Lemma sum_incr_ksubsets (V : nmodType) N m x0 W (F : ('I_m -> 'I_M) -> V) :
  #|W| = N ->
  \sum_(f : {ffun 'I_m -> 'I_N} | incr_idx f) F (set_enum N x0 W \o f) =
  \sum_(S : {set 'I_M} | (S \subset W) && (#|S| == m)) F (set_enum m x0 S).
Proof.
move=> cardW; set gW := set_enum N x0 W; have incr_gW := set_enum_incr x0 cardW.
pose phi (f : {ffun 'I_m -> 'I_N}) := [set gW (f i) | i : 'I_m].
have incr_gWf f : incr_idx f -> {homo gW \o f : i j / (i < j)%N}.
  by move=> /incr_idxP incr_f i j ij; apply/incr_gW/incr_f.
have phiK f : incr_idx f -> set_enum m x0 (phi f) = gW \o f.
  by move=> /incr_gWf; apply: set_enum_imset.
symmetry; rewrite (eq_bigl (fun S => S \in phi @: [set f | incr_idx f]%SET)) => [|S].
  rewrite big_imset /=; last first.
    move=> f1 f2; rewrite !inE => incr_f1 incr_f2 /(congr1 (set_enum m x0)).
    rewrite !phiK // => e12; apply/ffunP => i; apply: (incr_inj incr_gW).
    exact: (congr1 (fun g => g i) e12).
  by apply: eq_big => f; rewrite inE // => /phiK ->.
symmetry; apply/imsetP/andP => [[f]|[SW /eqP cardS]].
  rewrite inE => /incr_gWf/incr_inj inj_gWf ->; split.
    by apply/fintype.subsetP => _ /imsetP[i _ ->]; apply: mem_set_enum.
  by rewrite card_imset // card_ord.
have /fin_all_exists[f0 f0E] : forall i, exists j, gW j = set_enum m x0 S i.
  move=> i; have := mem_set_enum x0 i cardS.
  move/(fintype.subsetP SW); rewrite -(imset_set_enum x0 cardW).
  by case/imsetP => j _ ->; exists j.
exists (finfun f0); rewrite ?inE.
  apply/incr_idxP => i j ij; rewrite !ffunE -(incr_mono incr_gW) -/gW !f0E.
  exact: set_enum_incr.
rewrite -[LHS](imset_set_enum x0 cardS); apply: eq_imset => i.
by rewrite ffunE f0E.
Qed.

Lemma Gmean_tsub_set_enum (T : Type) (R : realType) N m x0 W
    (v : m.-tuple T -> R) (x : M.-tuple T) : (m <= N)%N -> #|W| = N ->
  'C(N, m)%:R * Gmean v (tsub (set_enum N x0 W) x) =
  \sum_(S : {set 'I_M} | (S \subset W) && (#|S| == m)) v (tsub (set_enum m x0 S) x).
Proof.
move=> leN cardW; rewrite /Gmean mulrA mulfV ?mul1r ?pnatr_eq0 -?lt0n ?bin_gt0 //.
rewrite -(sum_incr_ksubsets x0 (fun g => v (tsub g x)) cardW).
by apply: eq_bigr => f _; rewrite -tsub_comp.
Qed.

End ordinal_subsets.
Arguments set_enum {M} k x0 A.

(** * Null sets of finite products *)

Lemma nneseries_bij_pair (R : realType) (c : nat -> nat -> \bar R)
  (f : nat -> nat * nat) : set_bij setT setT f -> (forall i j, 0 <= c i j)%E ->
  (\sum_(n <oo) c (f n).1 (f n).2 = \sum_(i <oo) \sum_(j <oo) c i j)%E.
Proof.
move=> bij_f c_ge0; rewrite nneseries_esumT //.
rewrite -(reindex_esum setT setT f (fun p => c p.1 p.2)) //.
rewrite -setXTT -[setT `*` setT]/(setT `*`` fun=> setT) -esum_esum //.
rewrite nneseries_esumT; last by move=> i; apply: nneseries_ge0.
by apply: eq_esum => i _; rewrite nneseries_esumT.
Qed.

Section product_null_sets.
Context d (T : measurableType d) (R : realType) (mu : {measure set T -> \bar R}).

(* Cover E l with total measure below e / 2^(l+2) and merge the covers along a
   bijection nat ~ nat * nat. *)
Lemma prod_null_bigcup k (E : nat -> set (k.-tuple T)) :
  (forall l, prod_null mu (E l)) -> prod_null mu (\bigcup_l E l).
Proof.
move=> nullE e e_gt0.
pose cover l (B : nat -> 'I_k -> set T) := [/\ forall j i, measurable (B j i),
  E l `<=` \bigcup_j [set x | forall i, B j i (tnth x i)] &
  (\sum_(j <oo) \prod_(i < k) mu (B j i) < (e / 2 / (2 ^ l.+1)%:R)%:E)%E].
have [G coverG] : {G : nat -> nat -> 'I_k -> set T & forall l, cover l (G l)}.
  apply: (@choice _ _ cover) => l.
  have [|B [mB [EB sumB]]] := nullE l (e / 2 / (2 ^ l.+1)%:R).
    by rewrite !divr_gt0 // ltr0n expn_gt0.
  by exists B; split.
have /card_esym/ppcard_eqP[f] := card_nat2.
exists (fun n => G (f n).1 (f n).2); split.
  by move=> n i; case: (coverG (f n).1).
split.
  move=> x [l _ Elx]; case: (coverG l) => _ /(_ x Elx)[j _ Gx] _.
  by exists (f^-1%FUN (l, j)) => //=; rewrite invK ?inE.
rewrite (@nneseries_bij_pair _ (fun l j => \prod_(i < k) mu (G l j i))%E _ 'bij_f) //;
  last by move=> l j; apply: prode_ge0.
apply: (@le_lt_trans _ _ (e / 2)%:E);
  last by rewrite lte_fin ltr_pdivrMr // ltr_pMr // ltr1n.
apply: le_trans (epsilon_trick0 xpredT _); last by rewrite divr_ge0 // ltW.
apply: lee_nneseries => [l _ _|l _].
  by apply: nneseries_ge0 => j _ _; apply: prode_ge0.
by case: (coverG l) => _ _ /ltW.
Qed.

Lemma ae_prodS k (P Q : k.-tuple T -> Prop) :
  (forall x, P x -> Q x) -> ae_prod mu P -> ae_prod mu Q.
Proof. by move=> PQ [E [nullE PE]]; exists E; split=> // x /PE /PQ. Qed.

(* For k = 0 no nonempty set is null: the empty product of measures is 1. *)
Lemma ae_prodW k (P : k.-tuple T -> Prop) :
  (0 < k)%N -> (forall x, P x) -> ae_prod mu P.
Proof.
case: k P => // k P _ allP; exists set0; split=> // e e_gt0.
exists (fun _ _ => set0); split=> //; split; first by move=> x [].
by rewrite big_ord_recl measure0 mul0e eseries0.
Qed.

Lemma ae_prodI k (P Q : k.-tuple T -> Prop) :
  ae_prod mu P -> ae_prod mu Q -> ae_prod mu (fun x => P x /\ Q x).
Proof.
move=> [E1 [null1 PE1]] [E2 [null2 QE2]].
exists (\bigcup_l (if l == 0%N then E1 else E2)); split.
  by apply: prod_null_bigcup => -[|l].
by move=> x nEx; split; [apply: PE1 | apply: QE2] => Ex; apply: nEx;
  [exists 0%N | exists 1%N].
Qed.

Lemma ae_prod_forall k (I : finType) (P : I -> k.-tuple T -> Prop) :
  (0 < k)%N -> (forall i, ae_prod mu (P i)) -> ae_prod mu (fun x => forall i, P i x).
Proof.
move=> k_gt0 aeP; suff : ae_prod mu (fun x => forall i, i \in enum I -> P i x).
  by apply: ae_prodS => x Px i; apply: Px; rewrite mem_enum.
elim: (enum I) => [|i s IHs]; first exact: ae_prodW.
apply: ae_prodS (ae_prodI (aeP i) IHs) => x [Pix Psx] j.
by rewrite inE => /orP[/eqP ->|/Psx].
Qed.

Hypothesis mu_sfin : sigma_finite [set: T] mu.

(* On the part where the inserted coordinate lies in the l-th piece F l of a
   sigma-finite exhaustion, insert the factor F l into the rectangles of a cover;
   this multiplies its measure by the finite number mu (F l). *)
Lemma ae_prod_tsub_lift k (p : 'I_k.+1) (P : k.-tuple T -> Prop) :
  ae_prod mu P -> ae_prod mu (fun x => P (tsub (lift p) x)).
Proof.
move=> [E [nullE PE]]; have [F FT mF] := mu_sfin.
exists (\bigcup_l [set x | E (tsub (lift p) x) /\ F l (tnth x p)]); split; last first.
  move=> x nEx; apply: PE => Ex; apply: nEx.
  have : [set: T] (tnth x p) by [].
  by rewrite FT => -[l _ Fl]; exists l.
apply: prod_null_bigcup => l e e_gt0; have [mFl Fl_fin] := mF l.
pose c := fine (mu (F l)).
have cE : c%:E = mu (F l) by rewrite fineK // ge0_fin_numE.
have c_ge0 : 0 <= c by rewrite -lee_fin cE.
have [|B [mB [EB sumB]]] := nullE (e / (c + 1)); first by rewrite divr_gt0 // ltr_wpDl.
pose B' j i := if unlift p i is Some i' then B j i' else F l.
exists B'; split; first by move=> j i; rewrite /B'; case: (unlift p i).
split.
  move=> x [/EB[j _ Bx] Flx]; exists j => // i; rewrite /B'.
  by case: unliftP => [i' ->|-> //]; have := Bx i'; rewrite tnth_map tnth_ord_tuple.
have prodB' j : (\prod_(i < k.+1) mu (B' j i) = c%:E * \prod_(i < k) mu (B j i))%E.
  rewrite (bigD1_ord p) //= /B' unlift_none cE; congr (_ * _)%E.
  by apply: eq_bigr => i _; rewrite liftK.
rewrite (eq_eseriesr (fun j _ => prodB' j)) nneseriesZl; last first.
  by move=> j _; apply: prode_ge0.
apply: (@le_lt_trans _ _ (c%:E * (e / (c + 1))%:E)%E).
  by apply: lee_wpmul2l; [rewrite lee_fin | apply: ltW].
rewrite -EFinM lte_fin mulrA ltr_pdivrMr ?ltr_wpDl // mulrC ltr_pM2l //.
by rewrite ltrDl.
Qed.

Lemma ae_prod_tsub_incr k M (P : k.-tuple T -> Prop) (g : 'I_k -> 'I_M) :
  {homo g : i j / (i < j)%N} -> ae_prod mu P -> ae_prod mu (fun x => P (tsub g x)).
Proof.
move=> incr_g aeP; have kM : (k <= M)%N.
  by have := leq_card g (incr_inj incr_g); rewrite !card_ord.
move: g incr_g; rewrite -(subnK kM); elim: (M - k)%N => [|n IH] g incr_g.
  apply: ae_prodS aeP => x; rewrite tsub_id //.
  exact: (Order.mono_unique le_total (leqnn _) (le_mono incr_g) (fun _ _ => erefl)).
have [p pg] : exists p, p \notin codom g.
  apply/existsP; rewrite -negb_forall; apply/negP => /forallP allg.
  have : (#|'I_(n.+1 + k)| <= #|codom g|)%N.
    by apply/subset_leq_card/fintype.subsetP => q _; apply: allg.
  by rewrite card_codom ?card_ord ?addSn ?ltnNge ?leq_addl //; apply: incr_inj.
have /fin_all_exists[g' g'E] : forall i, exists j, lift p j = g i.
  move=> i; have [|j gE _] := @unlift_some _ p (g i); last by exists j.
  by apply: contraNneq pg => ->; apply: codom_f.
have incr_g' : {homo g' : i j / (i < j)%N}.
  by move=> i j ij; have := incr_g _ _ ij; rewrite -!g'E /= !ltnNge leq_bump2.
apply: ae_prodS (ae_prod_tsub_lift p (IH g' incr_g')) => x.
by rewrite tsub_comp (_ : lift p \o g' = g) //; apply/funext => i; rewrite /= g'E.
Qed.

Lemma exists_lt_of_integral_lt (f : T -> \bar R) (e : R) : 0 <= e ->
  measurable_fun setT f -> (forall t, 0 <= f t)%E ->
  (\int[mu]_t f t < e%:E * mu setT)%E -> exists t, (f t < e%:E)%E.
Proof.
move=> e_ge0 mf f_ge0 intf; apply/not_existsP => fe; move: intf; apply/negP.
rewrite -leNgt -integral_cst //; apply: ge0_le_integral => // t _.
by rewrite leNgt; apply/negP/fe.
Qed.

Hypothesis mu_nz : mu [set: T] != 0%E.

(* A cover of the exceptional set in Lambda^(k+1) is sliced at a last coordinate t
   whose fibre has measure < e; such t exists since the fibre measures integrate
   to less than e * mu setT. *)
Lemma ae_prod_tsub_widen1 k (Q : k.-tuple T -> Prop) : (0 < k)%N ->
  ae_prod mu (fun x : k.+1.-tuple T => Q (tsub (widen_ord (leqnSn k)) x)) ->
  ae_prod mu Q.
Proof.
move=> k_gt0 [E [nullE QE]]; exists [set w | ~ Q w]; split; last first.
  by move=> w /contrapT.
move=> e e_gt0.
have [r r_gt0 r_le] : exists2 r : R, 0 < r & (r%:E <= mu setT)%E.
  have : (0 < mu [set: T])%E by rewrite lt0e mu_nz measure_ge0.
  case: (mu setT) => [r||//]; first by rewrite lte_fin => r_gt0; exists r.
  by exists 1; rewrite ?leey.
have [B [mB [EB sumB]]] := nullE (e * r) (mulr_gt0 e_gt0 r_gt0).
pose rho j := (\prod_(i < k) mu (B j (widen_ord (leqnSn k) i)))%E.
have rho_ge0 j : (0 <= rho j)%E by apply: prode_ge0.
pose f j t := (rho j * (\1_(B j ord_max) t)%:E)%E.
have f_ge0 j t : (0 <= f j t)%E by rewrite mule_ge0 // lee_fin.
have mf j : measurable_fun setT (f j).
  apply: measurable_funeM; apply/measurable_EFinP.
  exact: measurable_indic.
have intf j : (\int[mu]_t f j t = \prod_(i < k.+1) mu (B j i))%E.
  rewrite ge0_integralZl //; last by apply/measurable_EFinP; apply: measurable_indic.
  by rewrite integral_indic // setIT big_ord_recr /= muleC.
have [t ft] : exists t, (\sum_(j <oo) f j t < e%:E)%E.
  apply: exists_lt_of_integral_lt; first exact: ltW.
  - exact: ge0_emeasurable_sum.
  - by move=> t; apply: nneseries_ge0.
  rewrite integral_nneseries // (eq_eseriesr (fun j _ => intf j)).
  apply: (lt_le_trans sumB); rewrite EFinM; apply: lee_wpmul2l => //.
  by rewrite lee_fin ltW.
exists (fun j i => if `[< B j ord_max t >] then B j (widen_ord (leqnSn k) i) else set0).
split; first by move=> j i; case: ifP.
split.
  move=> w /= nQw; pose x := [tuple of rcons w t].
  have xE : tsub (widen_ord (leqnSn k)) x = w.
    apply: eq_from_tnth => i; rewrite tnth_map tnth_ord_tuple.
    by rewrite !(tnth_nth t) /= nth_rcons size_tuple ltn_ord.
  have [|j _ Bx] := EB x.
    by apply: contrapT => nEx; apply/nQw; rewrite -xE; apply: QE.
  have Bt : B j ord_max t.
    by have := Bx ord_max; rewrite (tnth_nth t) nth_rcons size_tuple ltnn eqxx.
  exists j => // i; rewrite asboolT //; have := Bx (widen_ord (leqnSn k) i).
  by rewrite !(tnth_nth t) /= nth_rcons size_tuple ltn_ord.
apply: le_lt_trans ft; apply: lee_nneseries => [j _ _|j _]; first exact: prode_ge0.
rewrite /f indicE; case: (pselect (B j ord_max t)) => Bt.
  by rewrite asboolT // mem_set // mule1.
by rewrite asboolF // (bigD1 (Ordinal k_gt0)) //= measure0 mul0e mule_ge0 ?lee_fin.
Qed.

□ □ □ □ □

Exercise goal →
Transcribe each line of the data above, unaltered, from the one where "by rewrite !divr_gt0 // ltr0n expn_gt0." appears to the one where "Hypothesis mu_sfin : sigma_finite" appears, inclusive of both.

Exercise output →
    by rewrite !divr_gt0 // ltr0n expn_gt0.
  by exists B; split.
have /card_esym/ppcard_eqP[f] := card_nat2.
exists (fun n => G (f n).1 (f n).2); split.
  by move=> n i; case: (coverG (f n).1).
split.
  move=> x [l _ Elx]; case: (coverG l) => _ /(_ x Elx)[j _ Gx] _.
  by exists (f^-1%FUN (l, j)) => //=; rewrite invK ?inE.
rewrite (@nneseries_bij_pair _ (fun l j => \prod_(i < k) mu (G l j i))%E _ 'bij_f) //;
  last by move=> l j; apply: prode_ge0.
apply: (@le_lt_trans _ _ (e / 2)%:E);
  last by rewrite lte_fin ltr_pdivrMr // ltr_pMr // ltr1n.
apply: le_trans (epsilon_trick0 xpredT _); last by rewrite divr_ge0 // ltW.
apply: lee_nneseries => [l _ _|l _].
  by apply: nneseries_ge0 => j _ _; apply: prode_ge0.
by case: (coverG l) => _ _ /ltW.
Qed.

Lemma ae_prodS k (P Q : k.-tuple T -> Prop) :
  (forall x, P x -> Q x) -> ae_prod mu P -> ae_prod mu Q.
Proof. by move=> PQ [E [nullE PE]]; exists E; split=> // x /PE /PQ. Qed.

(* For k = 0 no nonempty set is null: the empty product of measures is 1. *)
Lemma ae_prodW k (P : k.-tuple T -> Prop) :
  (0 < k)%N -> (forall x, P x) -> ae_prod mu P.
Proof.
case: k P => // k P _ allP; exists set0; split=> // e e_gt0.
exists (fun _ _ => set0); split=> //; split; first by move=> x [].
by rewrite big_ord_recl measure0 mul0e eseries0.
Qed.

Lemma ae_prodI k (P Q : k.-tuple T -> Prop) :
  ae_prod mu P -> ae_prod mu Q -> ae_prod mu (fun x => P x /\ Q x).
Proof.
move=> [E1 [null1 PE1]] [E2 [null2 QE2]].
exists (\bigcup_l (if l == 0%N then E1 else E2)); split.
  by apply: prod_null_bigcup => -[|l].
by move=> x nEx; split; [apply: PE1 | apply: QE2] => Ex; apply: nEx;
  [exists 0%N | exists 1%N].
Qed.

Lemma ae_prod_forall k (I : finType) (P : I -> k.-tuple T -> Prop) :
  (0 < k)%N -> (forall i, ae_prod mu (P i)) -> ae_prod mu (fun x => forall i, P i x).
Proof.
move=> k_gt0 aeP; suff : ae_prod mu (fun x => forall i, i \in enum I -> P i x).
  by apply: ae_prodS => x Px i; apply: Px; rewrite mem_enum.
elim: (enum I) => [|i s IHs]; first exact: ae_prodW.
apply: ae_prodS (ae_prodI (aeP i) IHs) => x [Pix Psx] j.
by rewrite inE => /orP[/eqP ->|/Psx].
Qed.

Hypothesis mu_sfin : sigma_finite [set: T] mu.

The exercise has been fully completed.